Im Geräte Manager unter Netzwerkadapter den passenden Eintrag markieren dann Rechtsklick, Eigenschaften, Energieverwaltung, den Haken entfernen bei "Computer kann das Gerät ausschalten, um Energie zu sparen".

Das musste ich bei meinem Board auch machen, sonst war die Verbindung weg und aufwachen aus dem Energiesparmodus tut dieser Netzwerkadapter nicht mehr.
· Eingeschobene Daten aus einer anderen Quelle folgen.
(* Let $\kappa$ be a regular uncountable cardinal with $\kappa^{<\kappa}=\kappa$ and $\gamma^\omega<\kappa$ for all $\gamma<\kappa$. There is a $\kappa$-representation $\langle I^0_\alpha\mid\alpha<\kappa\rangle$ of $I^0$ such that for every limit ordinal $\delta<\kappa$ and every $\nu\in I^0$ with $\nu\notin I^0_\delta$ there is $\beta<\delta$ satisfying: for every $\sigma\in I^0_\delta$ with $\sigma>\nu$ there is $\sigma'\in I^0_\beta$ with $\sigma>\sigma'>\nu$.
   Context: Let $\mathbb Q$ be the rationals and order $\kappa\times\mathbb Q$ lexicographically. $I^0$ is the set of functions $f:\omega\to\kappa\times\mathbb Q$, written $f(n)=(f_1(n),f_2(n))$, such that $\{n<\omega\mid f_1(n)\ne0\}$ is finite, ordered by $f<g$ iff $f(n)<g(n)$ for the least $n$ with $f(n)\ne g(n)$. A $\kappa$-representation of a set $A$ of size $\le\kappa$ is an increasing continuous sequence of subsets of $A$, each of size $<\kappa$, whose union is $A$. *)

From mathcomp Require Import all_boot all_order all_algebra.
Set Implicit Arguments. Unset Strict Implicit. Unset Printing Implicit Defensive.
Import Order.TTheory GRing.Theory Num.Theory.

Definition well_order (K : Type) (lt : K -> K -> Prop) : Prop :=
  well_founded lt /\ (forall x y z, lt x y -> lt y z -> lt x z) /\
  (forall x y, lt x y \/ x = y \/ lt y x).

(* The initial segment {beta | beta < alpha}, i.e. the ordinal alpha. *)
Definition seg (K : Type) (lt : K -> K -> Prop) (a : K) : Type := {b : K | lt b a}.

Definition injective_fun (X Y : Type) (f : X -> Y) : Prop :=
  forall x y, f x = f y -> x = y.

Definition inj_into (X Y : Type) : Prop := exists f : X -> Y, injective_fun f.

(* |X| < kappa, where kappa is the order type of (K, lt), assumed a cardinal:
   X injects into some ordinal alpha < kappa. *)
Definition card_lt (K : Type) (lt : K -> K -> Prop) (X : Type) : Prop :=
  exists a : K, inj_into X (seg lt a).

Definition regular_uncountable_cardinal (K : Type) (lt : K -> K -> Prop) : Prop :=
  well_order lt /\
  (* kappa is a cardinal: no alpha < kappa has cardinality kappa *)
  (forall a : K, ~ inj_into K (seg lt a)) /\
  ~ inj_into K nat /\
  (* regular: every subset of size < kappa is bounded *)
  (forall S : K -> Prop, card_lt lt {b : K | S b} ->
      exists a : K, forall b, S b -> lt b a).

(* kappa^{<kappa} = kappa : for each gamma < kappa, |kappa^gamma| <= kappa. *)
Definition kappa_lt_kappa (K : Type) (lt : K -> K -> Prop) : Prop :=
  forall a : K, inj_into (seg lt a -> K) K.

Definition omega_powers_small (K : Type) (lt : K -> K -> Prop) : Prop :=
  forall a : K, card_lt lt (nat -> seg lt a).

Definition is_zero (K : Type) (lt : K -> K -> Prop) (x : K) : Prop :=
  forall y, ~ lt y x.

Definition lexlt (K : Type) (lt : K -> K -> Prop) (p q : K * rat) : Prop :=
  lt p.1 q.1 \/ (p.1 = q.1 /\ (p.2 < q.2)%R).

(* I^0: functions f : omega -> kappa x Q with f_1(n) <> 0 for finitely many n. *)
Definition I0 (K : Type) (lt : K -> K -> Prop) : Type :=
  {f : nat -> K * rat | exists N : nat, forall n, (N <= n)%N -> is_zero lt (f n).1}.

Definition I0lt (K : Type) (lt : K -> K -> Prop) (f g : I0 lt) : Prop :=
  exists n : nat, (forall m, (m < n)%N -> proj1_sig f m = proj1_sig g m) /\
                  lexlt lt (proj1_sig f n) (proj1_sig g n).

Definition is_limit (K : Type) (lt : K -> K -> Prop) (d : K) : Prop :=
  (exists b, lt b d) /\ (forall b, lt b d -> exists c, lt b c /\ lt c d).

Definition kappa_representation (K : Type) (lt : K -> K -> Prop) (A : Type)
    (I : K -> A -> Prop) : Prop :=
  (forall a b, lt a b -> forall x, I a x -> I b x) /\
  (forall d, is_limit lt d -> forall x, I d x -> exists a, lt a d /\ I a x) /\
  (forall a, card_lt lt {x : A | I a x}) /\
  (forall x : A, exists a, I a x).

From mathcomp Require Import all_boot all_order all_algebra.
From mathcomp Require Import lra.
From Stdlib Require Import Classical ProofIrrelevance FunctionalExtensionality Wf_nat.
Set Implicit Arguments. Unset Strict Implicit.

(** Take for [I^0_alpha] the sequences all of whose first coordinates are
    below [alpha].  It injects into [(alpha x Q)^omega], so it is small by
    [gamma^omega < kappa]; the first coordinates of a sequence take finitely
    many values, which gives continuity at limits and covering.  If [nu] is
    not in [I^0_delta], let [n0] be least with [nu(n0)_1 >= delta] and let
    [beta < delta] bound the [nu(k)_1], [k < n0].  Any [sigma > nu] in
    [I^0_delta] first differs from [nu] at some [m < n0]; copying [nu] below
    [m], putting [(nu(m)_1, q)] at [m] for a rational [q] chosen in between,
    and zeros afterwards gives an element of [I^0_beta] strictly between [nu]
    and [sigma]. *)

Section WellOrder.

Variables (K : Type) (lt : K -> K -> Prop).

Hypothesis lt_wo : well_order lt.

Lemma wo_irrefl x : ~ lt x x.
Proof. by case: lt_wo => W _; elim: (W x) => y _ IH yy; exact: (IH y yy) yy. Qed.

Lemma wo_trans x y z : lt x y -> lt y z -> lt x z.
Proof. by case: lt_wo => _ [Tr _]; apply: Tr. Qed.

Lemma wo_total x y : lt x y \/ x = y \/ lt y x.
Proof. by case: lt_wo => _ [_ T]; apply: T. Qed.

Lemma is_zero_unique x y : is_zero lt x -> is_zero lt y -> x = y.
Proof. by move=> zx zy; case: (wo_total x y) => [/zy|[|/zx]]. Qed.

Lemma is_zero_lt z b d : is_zero lt z -> lt b d -> lt z d.
Proof.
by move=> zz bd; case: (wo_total z b) => [zb|[->|/zz//]] //; apply: wo_trans zb bd.
Qed.

Lemma exists_max2 x y :
  exists M, (M = x \/ M = y) /\ forall c, lt M c -> lt x c /\ lt y c.
Proof.
case: (wo_total x y) => [xy|[<-|yx]].
- by exists y; split; [right | move=> c yc; split; first apply: wo_trans xy yc].
- by exists x; split; [left|].
- by exists x; split; [left | move=> c xc; split; last apply: wo_trans yx xc].
Qed.

Definition has_no_max (P : K -> Prop) : Prop :=
  forall x, P x -> exists c, lt x c /\ P c.

Lemma finite_bound_in (P : K -> Prop) : has_no_max P ->
  forall (g : nat -> K) n, (forall k, (k <= n)%N -> P (g k)) ->
  exists b, P b /\ forall k, (k <= n)%N -> lt (g k) b.
Proof.
move=> HP g; elim=> [|n IH] Pg.
  have [c [g0c Pc]] := HP _ (Pg 0%N (leqnn 0)).
  by exists c; split => // k; rewrite leqn0 => /eqP ->.
have [b [Pb gb]] := IH (fun k kn => Pg k (leqW kn)).
have [M [MP Mc]] := exists_max2 b (g n.+1).
have [c [Mlt Pc]] : exists c, lt M c /\ P c.
  by apply: HP; case: MP => ->; [|apply: Pg].
have [bc gc] := Mc c Mlt.
exists c; split => // k; rewrite leq_eqVlt => /orP [/eqP -> // | kn].
exact: wo_trans (gb k kn) bc.
Qed.

Definition I0_below (a : K) (f : I0 lt) : Prop := forall n, lt (proj1_sig f n).1 a.

Lemma I0_bound_in (P : K -> Prop) (f : I0 lt) : has_no_max P ->
  (forall n, P (proj1_sig f n).1) -> exists b, P b /\ I0_below b f.
Proof.
case: f => f [N HN] HP /= Pf.
have [b [Pb fb]] := finite_bound_in (g := fun k => (f k).1) (n := N) HP (fun k _ => Pf k).
exists b; split => // n /=; case: (leqP n N) => [|Nn]; first exact: fb.
by rewrite (is_zero_unique (HN n (ltnW Nn)) (HN N (leqnn N))); apply: fb.
Qed.

Lemma lexlt_interpolate (p s : K * rat) :
  lexlt lt p s -> exists q, lexlt lt p (p.1, q) /\ lexlt lt (p.1, q) s.
Proof.
case=> [ps | [ps qs]].
  by exists (p.2 + 1)%R; split; [right; split=> //=; lra | left].
by exists ((p.2 + s.2) / 2)%R; split; right; split=> //=; lra.
Qed.

Definition graft (f : nat -> K * rat) (m : nat) (r : K * rat) (z : K) (k : nat) :=
  if (k < m)%N then f k else if k == m then r else (z, 0%R).

Lemma I0lt_interpolate (b z : K) (nu sigma : I0 lt) (m : nat) :
  is_zero lt z -> lt z b -> (forall k, (k <= m)%N -> lt (proj1_sig nu k).1 b) ->
  (forall k, (k < m)%N -> proj1_sig nu k = proj1_sig sigma k) ->
  lexlt lt (proj1_sig nu m) (proj1_sig sigma m) ->
  exists sigma', I0_below b sigma' /\ I0lt sigma' sigma /\ I0lt nu sigma'.
Proof.
move=> zz zb nub agree /lexlt_interpolate [q [nuq qsigma]].
set g := graft (proj1_sig nu) m ((proj1_sig nu m).1, q) z.
have g_lt k : (k < m)%N -> g k = proj1_sig nu k by rewrite /g /graft => ->.
have g_m : g m = ((proj1_sig nu m).1, q) by rewrite /g /graft ltnn eqxx.
have g_gt k : (m < k)%N -> g k = (z, 0%R).
  by move=> mk; rewrite /g /graft ltnNge (ltnW mk) (gtn_eqF mk).
have gI0 : exists N, forall n, (N <= n)%N -> is_zero lt (g n).1.
  by exists m.+1 => n mn; rewrite g_gt.
exists (exist _ g gI0); split; [|split].
- move=> n /=; case: (ltngtP n m) => [nm|mn|->].
  + by rewrite g_lt //; apply: nub; apply: ltnW.
  + by rewrite g_gt.
  + by rewrite g_m; apply: nub.
- by exists m; split=> [k km|] /=; rewrite ?g_m // g_lt // agree.
- by exists m; split=> [k km|] /=; rewrite ?g_m // g_lt.
Qed.

Lemma least_escape d (nu : I0 lt) : ~ I0_below d nu ->
  exists n0, ~ lt (proj1_sig nu n0).1 d /\
             forall k, (k < n0)%N -> lt (proj1_sig nu k).1 d.
Proof.
move=> nu_out.
have [n esc] : exists n, ~ lt (proj1_sig nu n).1 d.
  by apply: NNPP => none; apply: nu_out => n; apply: NNPP => esc; apply: none; exists n.
have [n0 [[esc0 least] _]] := dec_inh_nat_subset_has_unique_least_element
  (fun n => ~ lt (proj1_sig nu n).1 d) (fun n => classic _) (ex_intro _ n esc).
exists n0; split=> // k kn0; apply: NNPP => esck.
by have /leP := least k esck; rewrite leqNgt kn0.
Qed.

Lemma I0lt_diff_before_escape d (nu sigma : I0 lt) m n0 :
  I0_below d sigma -> ~ lt (proj1_sig nu n0).1 d ->
  (forall k, (k < m)%N -> proj1_sig nu k = proj1_sig sigma k) ->
  lexlt lt (proj1_sig nu m) (proj1_sig sigma m) -> (m < n0)%N.
Proof.
move=> sigma_in esc agree diff; case: ltngtP => // [n0m | mn0].
  by case: esc; rewrite agree.
case: esc; rewrite -mn0; case: diff => [nus | [-> _]] //.
exact: wo_trans nus (sigma_in m).
Qed.

Lemma I0_below_approximation d (nu : I0 lt) : is_limit lt d -> ~ I0_below d nu ->
  exists b, lt b d /\
    forall sigma, I0_below d sigma -> I0lt nu sigma ->
    exists sigma', I0_below b sigma' /\ I0lt sigma' sigma /\ I0lt nu sigma'.
Proof.
move=> [[b0 b0d] d_lim] nu_out.
have [n0 [esc below]] := least_escape nu_out.
have [z zz] : exists z, is_zero lt z.
  by case: (proj2_sig nu) => N HN; exists (proj1_sig nu N).1; apply: HN.
have escape_free : forall k, (k <= n0)%N ->
    lt (if (k < n0)%N then (proj1_sig nu k).1 else z) d.
  by move=> k _; case: ifP => [/below|_] //; apply: is_zero_lt zz b0d.
have [b [bd nub]] := finite_bound_in d_lim escape_free.
exists b; split=> // sigma sigma_in [m [agree diff]].
have mn0 := I0lt_diff_before_escape sigma_in esc agree diff.
apply: (I0lt_interpolate zz _ _ agree diff).
- by have := nub n0 (leqnn n0); rewrite ltnn.
- move=> k km; have kn0 := leq_ltn_trans km mn0.
  by have := nub k (ltnW kn0); rewrite kn0.
Qed.

End WellOrder.

Lemma proj1_sig_inj (A : Type) (P : A -> Prop) (u v : sig P) :
  proj1_sig u = proj1_sig v -> u = v.
Proof. exact: eq_sig_hprop (fun _ => proof_irrelevance _) u v. Qed.

Lemma inj_into_trans (X Y Z : Type) : inj_into X Y -> inj_into Y Z -> inj_into X Z.
Proof. by move=> [f f_inj] [g g_inj]; exists (fun x => g (f x)) => x y /g_inj /f_inj. Qed.

Lemma card_lt_inj (K : Type) (lt : K -> K -> Prop) (X Y : Type) :
  inj_into X Y -> card_lt lt Y -> card_lt lt X.
Proof. by move=> XY [a Ya]; exists a; apply: inj_into_trans XY Ya. Qed.

Lemma inj_into_natfun (X Y : Type) : inj_into X Y -> inj_into (nat -> X) (nat -> Y).
Proof.
move=> [f f_inj]; exists (fun u n => f (u n)) => u v fuv.
by apply: functional_extensionality => n; apply: f_inj; apply: (f_equal (fun w => w n) fuv).
Qed.

Lemma inj_into_natfun_uncurry (X : Type) : X -> inj_into (nat -> nat -> X) (nat -> X).
Proof.
move=> x0; exists (fun F j => if unpickle j is Some (n, i) then F n i else x0).
move=> F G FG; apply: functional_extensionality => n.
apply: functional_extensionality => i.
by have := f_equal (fun H => H (pickle (n, i))) FG; rewrite /= pickleK.
Qed.

Section Kappa.

Variables (K : Type) (lt : K -> K -> Prop).
Hypothesis Hkappa : regular_uncountable_cardinal lt.
Hypothesis Homega : omega_powers_small lt.

Let lt_wo : well_order lt := proj1 Hkappa.

Lemma exists_lt_pair : exists b c, lt b c.
Proof.
have [x [y xy]] : exists x y : K, x <> y.
  apply: NNPP => none; case: Hkappa => _ [_ [K_uncountable _]]; apply: K_uncountable.
  by exists (fun _ => 0%N) => x y _; apply: NNPP => xy; apply: none; exists x, y.
case: (wo_total lt_wo x y) => [xy'|[//|yx]]; first by exists x, y.
by exists y, x.
Qed.

Lemma lt_unbounded a : exists c, lt a c.
Proof.
have [b [c bc]] := exists_lt_pair.
have singleton_small : card_lt lt {x : K | x = a}.
  exists c, (fun _ => exist _ b bc) => u v _; apply: proj1_sig_inj.
  by rewrite (proj2_sig u) (proj2_sig v).
case: Hkappa => _ [_ [_ regular]].
have [a' a'_above] := regular _ singleton_small.
by exists a'; apply: a'_above.
Qed.

Lemma inj_into_seg_rat a c0 c :
  lt a c0 -> lt c0 c -> inj_into (seg lt a * rat) (nat -> seg lt c).
Proof.
move=> ac0 c0c; have ac := wo_trans lt_wo ac0 c0c.
(* [r] is coded by the indicator of [pickle r], with values [c0] and [a]. *)
pose code (p : seg lt a * rat) (j : nat) : seg lt c :=
  if j is i.+1 then if i == pickle p.2 then exist _ c0 c0c else exist _ a ac
  else exist _ (proj1_sig p.1) (wo_trans lt_wo (proj2_sig p.1) ac).
exists code => -[x r] [y s] xryx.
have xy : x = y.
  by apply: proj1_sig_inj; have := f_equal (fun u => proj1_sig (u 0%N)) xryx.
have := f_equal (fun u => proj1_sig (u (pickle r).+1)) xryx.
rewrite /code /= eqxx; case: eqP => [/(pcan_inj (@pickleK _)) -> _ | _ /= c0a].
  by rewrite xy.
by case: (wo_irrefl lt_wo (x := c0)); rewrite {1}c0a.
Qed.

Lemma I0_below_inj_natfun a :
  inj_into {f : I0 lt | I0_below a f} (nat -> seg lt a * rat).
Proof.
exists (fun (f : {f : I0 lt | I0_below a f}) n =>
         (exist _ (proj1_sig (proj1_sig f) n).1 (proj2_sig f n),
                    (proj1_sig (proj1_sig f) n).2)) => f g fg.
apply: proj1_sig_inj; apply: proj1_sig_inj; apply: functional_extensionality => n.
case: (f_equal (fun u => u n) fg) => fg1 fg2.
by apply: injective_projections => //; apply: (f_equal (@proj1_sig _ _) fg1).
Qed.

Lemma I0_below_card_lt a : card_lt lt {f : I0 lt | I0_below a f}.
Proof.
have [c0 ac0] := lt_unbounded a; have [c c0c] := lt_unbounded c0.
apply: card_lt_inj (I0_below_inj_natfun a) _.
apply: card_lt_inj (inj_into_natfun (inj_into_seg_rat ac0 c0c)) _.
apply: card_lt_inj (inj_into_natfun_uncurry (exist _ c0 c0c)) _.
exact: Homega.
Qed.

Lemma I0_below_representation : kappa_representation lt (@I0_below K lt).
Proof.
split; [|split; [|split]].
- move=> a b ab f fa n; exact: (wo_trans lt_wo (fa n) ab).
- move=> d [_ d_lim] f fd; have [b [bd fb]] := I0_bound_in lt_wo d_lim fd.
  by exists b.
- exact: I0_below_card_lt.
- move=> f; have K_no_max : has_no_max lt (fun _ => True).
    by move=> x _; have [c xc] := lt_unbounded x; exists c.
  have [b [_ fb]] := I0_bound_in (f := f) lt_wo K_no_max (fun _ => I).
  by exists b.
Qed.

End Kappa.

Theorem mainTheorem9 (K : Type) (lt : K -> K -> Prop)
  (Hkappa : regular_uncountable_cardinal lt)
  (Hklk : kappa_lt_kappa lt)
  (Homega : omega_powers_small lt) :
  exists I : K -> I0 lt -> Prop,
    kappa_representation lt I /\
    forall d : K, is_limit lt d ->
    forall nu : I0 lt, ~ I d nu ->
    exists b : K, lt b d /\
      forall sigma : I0 lt, I d sigma -> I0lt nu sigma ->
      exists sigma' : I0 lt, I b sigma' /\ I0lt sigma' sigma /\ I0lt nu sigma'.
Proof.
exists (@I0_below K lt); split.
- exact: I0_below_representation.
- move=> d d_lim nu nu_out.
  exact: (I0_below_approximation (proj1 Hkappa) d_lim nu_out).
Qed.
Habe momentan schon seit 4 oder 5 Wochen das gleiche Problem mit meiner Grafikkarte. Sobald der Bildschirm abschaltet ist es ein Lottospiel, ob der PC nochmal ein Bild anzeigt oder nicht. Ist man dabei im Spiel und geht ein paar Minuten weg, dann hängt der  Rechner mit Blackscreen da herum und zeigt kein Bild mehr.


----------



## cimenTo (21. Oktober 2020)

Hab ich schon gemacht. Keine Besserung. Lustigerweise sind all diese Einstellungen im anderen PC zu Hause an und der PC verliert die Verbindung nie. Auch mit dem B350 Board habe ich an diesen Einstellungen nie was verändert und hatte nie Abbrüche. Es ist ein Rätsel mit dem neuen Board.


----------



## cimenTo (26. Oktober 2020)

Also Neuigkeiten habe ich nicht groß welche. Eine Antwort von Realtek habe ich auch noch nicht erhalten. Habe aber gesehen dass es eine ganz frische Realtek Version gibt. Version 10.045. Eventuell bringt diese ja was.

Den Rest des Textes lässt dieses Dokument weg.